It is obtained to pickle the reduction of Semen Canavaliae delicate flavour, and have bitter taste.
Claims (10)
1. a kind of method that rice wine pickles Semen Canavaliae, it is characterised in that by rice wine, Sal, chopped hot pepper, Bulbus Allii with dry to moisture content
The Semen Canavaliae mixing of 8-12%, sealed pickling;
Wherein, the mass ratio of rice wine, Sal, chopped hot pepper, Bulbus Allii and Semen Canavaliae is (10-20):(10-20):(30-40):(0.5-
2.0):(60-70);
Distillers yeast in the rice wine is prepared by the following method and obtains:
Will be including 1.5-2.5 mass parts Herba ranunculi siebolkiis, 1.2-2.2 mass parts fevervines, 1.5-2.5 mass parts hair Radix Bupleuri, 2.2-
3.2 mass parts Herba Lophatheris, 1.5-2.4 mass parts Radix Serissae, 1.3-2.7 mass parts Radix Homonoiae Ripariae enter water-filling in interior herbal raw material
Boil, gained is to boil water to be mixed with rice flour, makes a ball, after natural fermentation, dries, obtains final product.

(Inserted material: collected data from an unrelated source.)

(* For every $\varepsilon>0$ there exists $d_0$ such that for every integer $d\ge d_0$ and every triangle-free graph $G$ on $n$ vertices with maximum degree $d$, \[ |\mathcal I(G)| \;\ge\; \exp\!\left[\left(\tfrac12-\varepsilon\right)\frac{\log^2 d}{d}\,n\right]. \]
   Context: $\mathcal I(G)$ denotes the set of all independent sets of $G$ (including the empty set). Logarithms are natural. *)

From mathcomp Require Import all_boot.
From Stdlib Require Import Reals.

Set Implicit Arguments.
Unset Strict Implicit.
Unset Printing Implicit Defensive.

Definition simple_graph (T : finType) (e : rel T) : Prop :=
  (forall x y, e x y = e y x) /\ (forall x, ~~ e x x).

Definition triangle_free (T : finType) (e : rel T) : Prop :=
  forall x y z, ~ [&& e x y, e y z & e x z].

Definition deg (T : finType) (e : rel T) (v : T) : nat := #|[set u | e v u]|.

Definition max_degree_eq (T : finType) (e : rel T) (d : nat) : Prop :=
  (forall v, deg e v <= d) /\ (exists v, deg e v = d).

Definition independent (T : finType) (e : rel T) (S : {set T}) : bool :=
  [forall x in S, forall y in S, ~~ e x y].

Definition num_indep (T : finType) (e : rel T) : nat :=
  #|[set S : {set T} | independent e S]|.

2. the method that rice wine according to claim 1 pickles Semen Canavaliae, it is characterised in that the rice wine, Sal, chopped hot pepper,
The mass ratio of Bulbus Allii and Semen Canavaliae is (15-20):(10-15):(30-35):(1.0-2.0):(60-65).
3. the method that rice wine according to claim 1 pickles Semen Canavaliae, it is characterised in that described herbal raw material is by following matter
Amount part component composition:
1.8~2.2 parts of Herba ranunculi siebolkii;
1.5~2.0 parts of fevervine;
2.0~2.5 parts of Radix Bupleuri of hair;
2.0~2.5 parts of Herba Lophatheri;
1.5~2.0 parts of Radix Serissae;
2.0~2.5 parts of Radix Homonoiae Ripariae.
4. the method that rice wine according to claim 1 and 2 pickles Semen Canavaliae, it is characterised in that the salting period is 5-8
My god;After the completion of pickling, with respect to 60-65 mass parts Semen Canavaliaes, the encapsulation of 15~20 mass parts rice wine is added.
5. the method that rice wine according to claim 1 and 2 pickles Semen Canavaliae, it is characterised in that temperature is 25 in curing process
~35 DEG C, pickle and preserve after 5-18 DEG C.
6. the method that the rice wine according to claim 1 or 3 pickles Semen Canavaliae, it is characterised in that during decocting in water, the medical herbs
Raw material is 1 with the volume ratio of water:(5~10).
7. the method that the rice wine according to claim 1 or 3 pickles Semen Canavaliae, it is characterised in that the time of the decocting in water be 1~
3h。
8. the method that the rice wine according to claim 1 or 3 pickles Semen Canavaliae, it is characterised in that the matter with rice flour to boil water
Amount is than being (20~35):(65~80).
9. the method that the rice wine according to claim 1 or 3 pickles Semen Canavaliae, it is characterised in that the rice wine is by by distillers yeast
In adding Oryza glutinosa, it is placed in sealing container and is fermented, fermentation materials obtains final product rice wine through squeezing, filter and remove residue;
The Oryza glutinosa is 100 with the bent mass ratio of medicated wine:(0.5~1).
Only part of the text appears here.